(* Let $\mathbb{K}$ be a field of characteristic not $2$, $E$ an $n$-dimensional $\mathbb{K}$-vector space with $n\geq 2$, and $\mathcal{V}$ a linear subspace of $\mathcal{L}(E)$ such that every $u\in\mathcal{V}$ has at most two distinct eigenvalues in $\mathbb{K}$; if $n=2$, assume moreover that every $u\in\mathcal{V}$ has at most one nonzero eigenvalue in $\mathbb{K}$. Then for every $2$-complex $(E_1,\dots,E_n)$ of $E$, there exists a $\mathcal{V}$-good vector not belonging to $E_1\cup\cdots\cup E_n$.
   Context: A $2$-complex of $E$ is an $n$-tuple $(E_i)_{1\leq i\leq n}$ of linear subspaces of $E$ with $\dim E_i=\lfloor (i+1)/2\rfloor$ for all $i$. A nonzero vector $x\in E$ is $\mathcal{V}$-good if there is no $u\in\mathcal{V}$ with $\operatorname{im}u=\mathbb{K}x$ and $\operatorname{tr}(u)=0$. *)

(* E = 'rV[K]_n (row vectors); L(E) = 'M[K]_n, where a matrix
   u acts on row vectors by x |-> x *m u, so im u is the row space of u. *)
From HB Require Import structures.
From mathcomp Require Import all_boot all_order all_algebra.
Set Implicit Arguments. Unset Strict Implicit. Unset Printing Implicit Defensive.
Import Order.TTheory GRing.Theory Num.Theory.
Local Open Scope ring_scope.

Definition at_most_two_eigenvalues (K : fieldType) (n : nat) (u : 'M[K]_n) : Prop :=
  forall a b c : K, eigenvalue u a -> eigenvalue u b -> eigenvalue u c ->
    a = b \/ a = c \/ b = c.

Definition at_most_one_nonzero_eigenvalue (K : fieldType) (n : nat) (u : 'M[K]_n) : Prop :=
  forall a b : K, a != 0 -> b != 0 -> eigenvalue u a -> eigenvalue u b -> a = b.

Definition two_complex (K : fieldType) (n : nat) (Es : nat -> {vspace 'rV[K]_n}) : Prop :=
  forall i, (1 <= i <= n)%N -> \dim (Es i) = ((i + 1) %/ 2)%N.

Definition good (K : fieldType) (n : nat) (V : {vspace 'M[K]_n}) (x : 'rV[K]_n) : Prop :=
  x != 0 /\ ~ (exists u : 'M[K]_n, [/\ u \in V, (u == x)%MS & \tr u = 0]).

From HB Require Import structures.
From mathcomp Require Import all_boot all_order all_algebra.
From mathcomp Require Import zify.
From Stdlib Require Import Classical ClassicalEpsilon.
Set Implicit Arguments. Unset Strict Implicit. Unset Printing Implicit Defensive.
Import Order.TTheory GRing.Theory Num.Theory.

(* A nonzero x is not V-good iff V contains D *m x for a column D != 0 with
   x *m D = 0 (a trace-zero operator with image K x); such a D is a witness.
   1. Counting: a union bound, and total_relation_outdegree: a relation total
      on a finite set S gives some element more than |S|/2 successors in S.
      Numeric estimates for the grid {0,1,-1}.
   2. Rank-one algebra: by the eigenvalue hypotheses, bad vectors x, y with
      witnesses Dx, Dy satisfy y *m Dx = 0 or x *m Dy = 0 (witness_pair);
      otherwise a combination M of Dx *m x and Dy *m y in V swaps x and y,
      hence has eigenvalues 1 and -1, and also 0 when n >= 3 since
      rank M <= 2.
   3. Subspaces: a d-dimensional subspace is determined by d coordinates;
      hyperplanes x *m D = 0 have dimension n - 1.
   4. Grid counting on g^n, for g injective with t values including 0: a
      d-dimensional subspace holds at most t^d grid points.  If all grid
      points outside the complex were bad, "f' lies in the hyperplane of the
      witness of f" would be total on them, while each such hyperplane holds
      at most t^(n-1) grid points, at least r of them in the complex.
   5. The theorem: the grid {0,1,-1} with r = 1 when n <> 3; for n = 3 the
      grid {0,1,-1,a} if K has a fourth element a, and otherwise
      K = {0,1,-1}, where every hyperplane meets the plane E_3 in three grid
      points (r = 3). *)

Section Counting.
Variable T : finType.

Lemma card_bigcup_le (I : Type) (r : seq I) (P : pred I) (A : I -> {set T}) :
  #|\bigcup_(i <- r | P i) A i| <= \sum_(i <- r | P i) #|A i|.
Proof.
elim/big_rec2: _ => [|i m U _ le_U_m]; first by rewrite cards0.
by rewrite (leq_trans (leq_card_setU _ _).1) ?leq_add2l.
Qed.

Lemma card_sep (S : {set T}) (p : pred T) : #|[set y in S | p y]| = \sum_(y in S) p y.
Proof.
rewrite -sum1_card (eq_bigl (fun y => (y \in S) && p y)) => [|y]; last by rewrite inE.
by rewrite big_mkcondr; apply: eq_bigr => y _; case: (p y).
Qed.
...
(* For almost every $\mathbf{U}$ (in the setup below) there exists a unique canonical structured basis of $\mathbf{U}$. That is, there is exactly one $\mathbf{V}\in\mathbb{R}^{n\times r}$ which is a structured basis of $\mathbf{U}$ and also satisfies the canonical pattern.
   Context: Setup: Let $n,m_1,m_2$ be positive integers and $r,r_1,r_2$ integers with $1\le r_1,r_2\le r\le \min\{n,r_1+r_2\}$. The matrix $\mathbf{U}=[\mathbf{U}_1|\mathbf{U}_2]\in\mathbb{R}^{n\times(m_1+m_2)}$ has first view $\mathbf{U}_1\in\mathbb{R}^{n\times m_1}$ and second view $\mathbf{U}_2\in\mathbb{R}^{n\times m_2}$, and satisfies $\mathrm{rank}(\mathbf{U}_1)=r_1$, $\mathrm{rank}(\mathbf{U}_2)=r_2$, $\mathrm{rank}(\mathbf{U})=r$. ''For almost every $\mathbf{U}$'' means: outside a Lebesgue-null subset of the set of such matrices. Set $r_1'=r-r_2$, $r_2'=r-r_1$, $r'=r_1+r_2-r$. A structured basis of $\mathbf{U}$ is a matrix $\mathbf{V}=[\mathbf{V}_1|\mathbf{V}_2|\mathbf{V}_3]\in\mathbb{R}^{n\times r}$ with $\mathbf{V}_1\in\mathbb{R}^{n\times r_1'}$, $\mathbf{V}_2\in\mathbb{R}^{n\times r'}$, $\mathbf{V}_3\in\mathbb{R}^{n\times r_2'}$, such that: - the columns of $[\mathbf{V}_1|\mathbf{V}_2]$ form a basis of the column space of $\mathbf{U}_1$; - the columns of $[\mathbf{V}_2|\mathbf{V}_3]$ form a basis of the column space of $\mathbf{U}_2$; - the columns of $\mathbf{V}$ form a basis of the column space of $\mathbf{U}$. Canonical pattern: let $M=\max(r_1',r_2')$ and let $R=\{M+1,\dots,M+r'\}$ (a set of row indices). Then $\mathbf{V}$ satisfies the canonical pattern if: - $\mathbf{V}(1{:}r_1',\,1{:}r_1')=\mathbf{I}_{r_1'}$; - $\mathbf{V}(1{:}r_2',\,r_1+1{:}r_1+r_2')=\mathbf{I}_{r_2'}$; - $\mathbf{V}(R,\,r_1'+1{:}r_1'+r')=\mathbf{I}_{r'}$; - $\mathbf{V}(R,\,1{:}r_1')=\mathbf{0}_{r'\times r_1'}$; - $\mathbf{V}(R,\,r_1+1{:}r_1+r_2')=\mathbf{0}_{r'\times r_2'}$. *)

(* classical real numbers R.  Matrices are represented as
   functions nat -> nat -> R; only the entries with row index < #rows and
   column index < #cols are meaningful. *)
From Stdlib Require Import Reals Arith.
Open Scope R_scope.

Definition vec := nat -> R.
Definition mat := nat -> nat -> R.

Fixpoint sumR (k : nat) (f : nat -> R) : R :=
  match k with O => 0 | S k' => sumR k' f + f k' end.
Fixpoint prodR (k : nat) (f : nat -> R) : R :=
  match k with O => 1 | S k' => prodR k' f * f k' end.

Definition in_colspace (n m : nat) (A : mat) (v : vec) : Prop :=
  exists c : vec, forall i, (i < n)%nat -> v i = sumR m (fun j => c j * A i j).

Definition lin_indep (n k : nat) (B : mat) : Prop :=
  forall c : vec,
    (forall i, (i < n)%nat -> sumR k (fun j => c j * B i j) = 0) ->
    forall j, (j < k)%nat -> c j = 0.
---
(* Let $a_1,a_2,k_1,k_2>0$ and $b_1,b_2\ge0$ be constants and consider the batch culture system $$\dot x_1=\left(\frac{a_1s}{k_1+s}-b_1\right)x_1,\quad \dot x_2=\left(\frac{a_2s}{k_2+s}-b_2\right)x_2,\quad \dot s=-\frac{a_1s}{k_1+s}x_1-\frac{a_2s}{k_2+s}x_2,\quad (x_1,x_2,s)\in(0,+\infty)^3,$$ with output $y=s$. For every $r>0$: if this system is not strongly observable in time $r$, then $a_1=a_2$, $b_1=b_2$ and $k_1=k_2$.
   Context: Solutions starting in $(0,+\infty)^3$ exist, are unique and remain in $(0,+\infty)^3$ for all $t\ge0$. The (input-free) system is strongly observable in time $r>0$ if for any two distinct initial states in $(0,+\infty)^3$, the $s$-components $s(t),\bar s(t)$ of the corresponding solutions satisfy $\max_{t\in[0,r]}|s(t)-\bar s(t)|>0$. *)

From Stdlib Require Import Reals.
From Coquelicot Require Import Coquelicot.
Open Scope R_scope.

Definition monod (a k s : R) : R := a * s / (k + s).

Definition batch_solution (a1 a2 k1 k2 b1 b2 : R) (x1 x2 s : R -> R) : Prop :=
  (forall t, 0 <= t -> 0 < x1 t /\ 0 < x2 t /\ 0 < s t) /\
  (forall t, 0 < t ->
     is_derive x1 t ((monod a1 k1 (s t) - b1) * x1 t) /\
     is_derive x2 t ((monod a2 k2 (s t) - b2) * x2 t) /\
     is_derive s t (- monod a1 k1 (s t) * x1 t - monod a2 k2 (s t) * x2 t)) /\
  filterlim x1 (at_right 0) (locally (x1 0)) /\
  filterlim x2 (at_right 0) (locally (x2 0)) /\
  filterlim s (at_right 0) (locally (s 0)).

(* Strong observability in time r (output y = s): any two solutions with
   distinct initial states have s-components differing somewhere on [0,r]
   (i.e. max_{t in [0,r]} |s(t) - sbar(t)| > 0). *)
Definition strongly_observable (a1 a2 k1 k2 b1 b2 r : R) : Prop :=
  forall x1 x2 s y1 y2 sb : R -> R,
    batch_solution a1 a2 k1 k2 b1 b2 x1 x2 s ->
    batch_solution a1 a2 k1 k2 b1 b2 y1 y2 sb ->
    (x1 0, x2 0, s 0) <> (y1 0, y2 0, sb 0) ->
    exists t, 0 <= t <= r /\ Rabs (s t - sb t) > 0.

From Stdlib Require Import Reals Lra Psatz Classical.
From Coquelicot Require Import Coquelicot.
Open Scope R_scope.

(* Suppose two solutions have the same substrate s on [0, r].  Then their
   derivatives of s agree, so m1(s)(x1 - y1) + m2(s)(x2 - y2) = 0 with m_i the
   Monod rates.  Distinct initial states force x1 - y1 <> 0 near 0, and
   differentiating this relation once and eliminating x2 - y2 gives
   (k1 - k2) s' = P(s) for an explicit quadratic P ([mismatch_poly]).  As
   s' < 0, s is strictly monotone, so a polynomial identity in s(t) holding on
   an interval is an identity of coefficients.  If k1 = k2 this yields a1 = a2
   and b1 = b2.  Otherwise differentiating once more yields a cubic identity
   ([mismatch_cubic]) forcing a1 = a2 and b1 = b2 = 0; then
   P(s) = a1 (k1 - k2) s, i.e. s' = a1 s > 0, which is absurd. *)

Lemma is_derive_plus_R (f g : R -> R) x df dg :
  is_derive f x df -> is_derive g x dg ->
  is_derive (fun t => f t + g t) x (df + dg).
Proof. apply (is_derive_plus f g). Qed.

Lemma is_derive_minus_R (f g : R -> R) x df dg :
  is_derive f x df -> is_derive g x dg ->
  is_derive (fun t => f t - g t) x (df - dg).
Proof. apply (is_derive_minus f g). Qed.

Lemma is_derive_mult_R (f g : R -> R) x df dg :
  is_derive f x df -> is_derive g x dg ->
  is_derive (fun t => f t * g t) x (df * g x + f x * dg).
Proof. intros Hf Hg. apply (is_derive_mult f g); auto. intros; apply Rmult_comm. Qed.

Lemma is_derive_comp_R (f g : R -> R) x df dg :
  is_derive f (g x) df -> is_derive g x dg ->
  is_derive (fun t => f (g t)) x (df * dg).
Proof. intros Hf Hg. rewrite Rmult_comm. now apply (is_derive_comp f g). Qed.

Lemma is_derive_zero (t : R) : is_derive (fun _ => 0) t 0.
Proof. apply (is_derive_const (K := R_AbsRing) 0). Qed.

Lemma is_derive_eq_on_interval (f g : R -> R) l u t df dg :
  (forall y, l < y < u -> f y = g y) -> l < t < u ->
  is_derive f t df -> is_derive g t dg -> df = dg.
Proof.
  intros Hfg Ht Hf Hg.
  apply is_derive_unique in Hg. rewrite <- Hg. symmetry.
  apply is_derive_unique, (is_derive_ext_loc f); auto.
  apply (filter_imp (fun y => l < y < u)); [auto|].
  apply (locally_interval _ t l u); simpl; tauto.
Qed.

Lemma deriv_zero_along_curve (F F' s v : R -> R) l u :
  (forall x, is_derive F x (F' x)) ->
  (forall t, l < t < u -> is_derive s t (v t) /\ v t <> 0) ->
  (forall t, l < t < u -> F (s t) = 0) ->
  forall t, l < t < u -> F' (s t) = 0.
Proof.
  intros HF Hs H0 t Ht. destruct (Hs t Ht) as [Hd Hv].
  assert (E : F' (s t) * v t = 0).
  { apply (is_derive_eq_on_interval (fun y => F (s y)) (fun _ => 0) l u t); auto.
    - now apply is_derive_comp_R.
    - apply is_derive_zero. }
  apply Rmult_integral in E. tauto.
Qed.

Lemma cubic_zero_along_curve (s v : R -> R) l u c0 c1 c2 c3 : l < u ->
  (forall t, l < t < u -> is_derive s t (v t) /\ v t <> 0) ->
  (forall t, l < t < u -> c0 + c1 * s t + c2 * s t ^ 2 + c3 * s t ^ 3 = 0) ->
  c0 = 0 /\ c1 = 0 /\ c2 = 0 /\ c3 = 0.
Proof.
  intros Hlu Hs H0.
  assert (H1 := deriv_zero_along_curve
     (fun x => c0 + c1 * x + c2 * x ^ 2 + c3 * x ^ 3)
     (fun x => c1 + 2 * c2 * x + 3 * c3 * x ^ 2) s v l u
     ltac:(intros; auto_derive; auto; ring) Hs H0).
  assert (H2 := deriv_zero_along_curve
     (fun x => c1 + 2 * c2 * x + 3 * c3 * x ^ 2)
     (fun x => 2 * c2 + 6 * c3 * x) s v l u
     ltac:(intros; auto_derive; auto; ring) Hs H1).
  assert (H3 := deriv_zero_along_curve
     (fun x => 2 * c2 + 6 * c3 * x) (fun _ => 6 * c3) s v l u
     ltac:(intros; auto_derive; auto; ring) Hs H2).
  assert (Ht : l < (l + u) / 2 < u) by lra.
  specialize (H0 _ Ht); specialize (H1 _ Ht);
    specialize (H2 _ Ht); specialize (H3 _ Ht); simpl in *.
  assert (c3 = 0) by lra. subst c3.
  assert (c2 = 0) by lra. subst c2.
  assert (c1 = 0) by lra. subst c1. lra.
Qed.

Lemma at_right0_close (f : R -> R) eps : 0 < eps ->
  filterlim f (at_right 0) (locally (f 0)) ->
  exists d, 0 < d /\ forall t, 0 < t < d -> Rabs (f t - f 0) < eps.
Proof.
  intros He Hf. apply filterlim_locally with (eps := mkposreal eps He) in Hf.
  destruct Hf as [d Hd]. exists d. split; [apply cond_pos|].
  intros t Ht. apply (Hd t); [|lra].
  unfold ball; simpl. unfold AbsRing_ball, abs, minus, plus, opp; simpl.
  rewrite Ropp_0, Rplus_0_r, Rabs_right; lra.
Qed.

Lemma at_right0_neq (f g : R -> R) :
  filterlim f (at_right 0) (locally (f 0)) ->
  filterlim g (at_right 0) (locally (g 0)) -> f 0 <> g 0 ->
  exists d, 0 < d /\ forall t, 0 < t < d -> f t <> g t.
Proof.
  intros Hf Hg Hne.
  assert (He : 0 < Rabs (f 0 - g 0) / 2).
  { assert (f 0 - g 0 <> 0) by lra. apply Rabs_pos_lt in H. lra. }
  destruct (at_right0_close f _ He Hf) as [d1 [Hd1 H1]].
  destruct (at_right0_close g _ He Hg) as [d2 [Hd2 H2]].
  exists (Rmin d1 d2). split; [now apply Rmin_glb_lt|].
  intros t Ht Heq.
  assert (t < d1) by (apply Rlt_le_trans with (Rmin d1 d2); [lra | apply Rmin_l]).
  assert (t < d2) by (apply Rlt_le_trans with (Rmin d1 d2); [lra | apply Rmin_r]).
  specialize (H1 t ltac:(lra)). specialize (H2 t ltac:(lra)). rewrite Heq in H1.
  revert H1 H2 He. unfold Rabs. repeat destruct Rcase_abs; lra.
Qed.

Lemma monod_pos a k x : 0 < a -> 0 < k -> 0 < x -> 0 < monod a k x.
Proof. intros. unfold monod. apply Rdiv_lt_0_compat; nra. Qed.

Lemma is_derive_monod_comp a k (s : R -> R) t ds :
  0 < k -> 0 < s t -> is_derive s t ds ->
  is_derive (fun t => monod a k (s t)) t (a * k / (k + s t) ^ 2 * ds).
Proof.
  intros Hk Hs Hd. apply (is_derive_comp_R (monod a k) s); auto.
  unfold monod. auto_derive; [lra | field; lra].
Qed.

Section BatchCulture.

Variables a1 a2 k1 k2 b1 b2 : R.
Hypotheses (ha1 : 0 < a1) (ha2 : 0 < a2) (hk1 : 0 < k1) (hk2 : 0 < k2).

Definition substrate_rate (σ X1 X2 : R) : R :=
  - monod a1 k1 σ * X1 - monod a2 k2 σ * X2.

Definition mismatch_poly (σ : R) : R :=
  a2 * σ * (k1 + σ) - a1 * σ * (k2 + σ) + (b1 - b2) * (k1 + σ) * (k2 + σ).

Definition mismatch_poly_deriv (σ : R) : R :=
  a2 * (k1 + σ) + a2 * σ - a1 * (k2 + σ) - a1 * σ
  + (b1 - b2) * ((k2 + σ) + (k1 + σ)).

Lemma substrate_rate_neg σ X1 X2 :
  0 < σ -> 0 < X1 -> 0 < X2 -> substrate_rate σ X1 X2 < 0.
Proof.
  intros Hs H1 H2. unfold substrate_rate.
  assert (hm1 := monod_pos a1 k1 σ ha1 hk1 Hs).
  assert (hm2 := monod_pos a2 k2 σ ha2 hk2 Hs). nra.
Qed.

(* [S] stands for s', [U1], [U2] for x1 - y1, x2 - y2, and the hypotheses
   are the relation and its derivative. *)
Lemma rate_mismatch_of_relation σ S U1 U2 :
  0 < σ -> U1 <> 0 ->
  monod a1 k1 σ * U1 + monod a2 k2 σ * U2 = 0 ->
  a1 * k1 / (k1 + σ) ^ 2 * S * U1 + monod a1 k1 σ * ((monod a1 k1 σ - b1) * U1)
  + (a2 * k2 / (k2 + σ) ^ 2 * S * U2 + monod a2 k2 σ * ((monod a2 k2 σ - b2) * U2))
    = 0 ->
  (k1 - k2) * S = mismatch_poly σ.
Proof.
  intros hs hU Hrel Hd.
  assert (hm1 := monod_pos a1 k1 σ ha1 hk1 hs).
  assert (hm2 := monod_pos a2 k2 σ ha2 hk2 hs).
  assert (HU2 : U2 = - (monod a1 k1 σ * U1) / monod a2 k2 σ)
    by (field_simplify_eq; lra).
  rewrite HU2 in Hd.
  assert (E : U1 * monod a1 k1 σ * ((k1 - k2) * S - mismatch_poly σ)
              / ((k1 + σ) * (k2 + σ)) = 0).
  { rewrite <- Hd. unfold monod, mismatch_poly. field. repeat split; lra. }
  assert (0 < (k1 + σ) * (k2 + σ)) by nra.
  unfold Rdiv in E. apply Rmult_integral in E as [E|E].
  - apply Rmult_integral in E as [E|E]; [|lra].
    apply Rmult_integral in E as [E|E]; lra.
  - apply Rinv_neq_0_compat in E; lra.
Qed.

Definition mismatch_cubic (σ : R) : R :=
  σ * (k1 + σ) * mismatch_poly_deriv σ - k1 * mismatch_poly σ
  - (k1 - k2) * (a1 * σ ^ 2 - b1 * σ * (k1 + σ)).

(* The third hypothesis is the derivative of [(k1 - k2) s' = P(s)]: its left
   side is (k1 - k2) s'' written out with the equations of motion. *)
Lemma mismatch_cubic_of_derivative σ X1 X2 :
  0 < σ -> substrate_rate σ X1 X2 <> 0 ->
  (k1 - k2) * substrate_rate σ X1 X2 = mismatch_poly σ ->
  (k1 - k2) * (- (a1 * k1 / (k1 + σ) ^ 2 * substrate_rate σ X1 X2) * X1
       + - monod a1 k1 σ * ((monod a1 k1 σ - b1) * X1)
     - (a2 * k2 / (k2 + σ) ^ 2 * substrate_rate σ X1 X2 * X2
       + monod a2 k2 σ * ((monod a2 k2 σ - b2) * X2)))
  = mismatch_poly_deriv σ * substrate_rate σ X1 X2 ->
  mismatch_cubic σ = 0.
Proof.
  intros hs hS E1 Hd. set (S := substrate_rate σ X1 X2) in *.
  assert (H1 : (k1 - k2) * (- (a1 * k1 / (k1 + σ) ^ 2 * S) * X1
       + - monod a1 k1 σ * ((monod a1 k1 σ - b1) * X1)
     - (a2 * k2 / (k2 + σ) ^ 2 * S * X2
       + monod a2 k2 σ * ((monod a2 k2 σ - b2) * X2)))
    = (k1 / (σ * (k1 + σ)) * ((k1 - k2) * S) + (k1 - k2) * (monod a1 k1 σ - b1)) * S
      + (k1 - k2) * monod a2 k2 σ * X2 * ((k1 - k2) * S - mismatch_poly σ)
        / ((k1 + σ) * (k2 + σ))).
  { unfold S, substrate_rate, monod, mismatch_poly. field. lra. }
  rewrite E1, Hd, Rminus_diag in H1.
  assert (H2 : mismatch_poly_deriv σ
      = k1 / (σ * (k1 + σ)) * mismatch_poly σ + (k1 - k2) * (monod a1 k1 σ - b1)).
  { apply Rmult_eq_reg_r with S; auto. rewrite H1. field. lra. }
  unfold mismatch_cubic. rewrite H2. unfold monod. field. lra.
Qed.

| WHAT IS REQUIRED |
Extract each line from the listing that holds the word "states".

| TASK ANSWER |
   Context: Solutions starting in $(0,+\infty)^3$ exist, are unique and remain in $(0,+\infty)^3$ for all $t\ge0$. The (input-free) system is strongly observable in time $r>0$ if for any two distinct initial states in $(0,+\infty)^3$, the $s$-components $s(t),\bar s(t)$ of the corresponding solutions satisfy $\max_{t\in[0,r]}|s(t)-\bar s(t)|>0$. *)
   distinct initial states have s-components differing somewhere on [0,r]
   Monod rates.  Distinct initial states force x1 - y1 <> 0 near 0, and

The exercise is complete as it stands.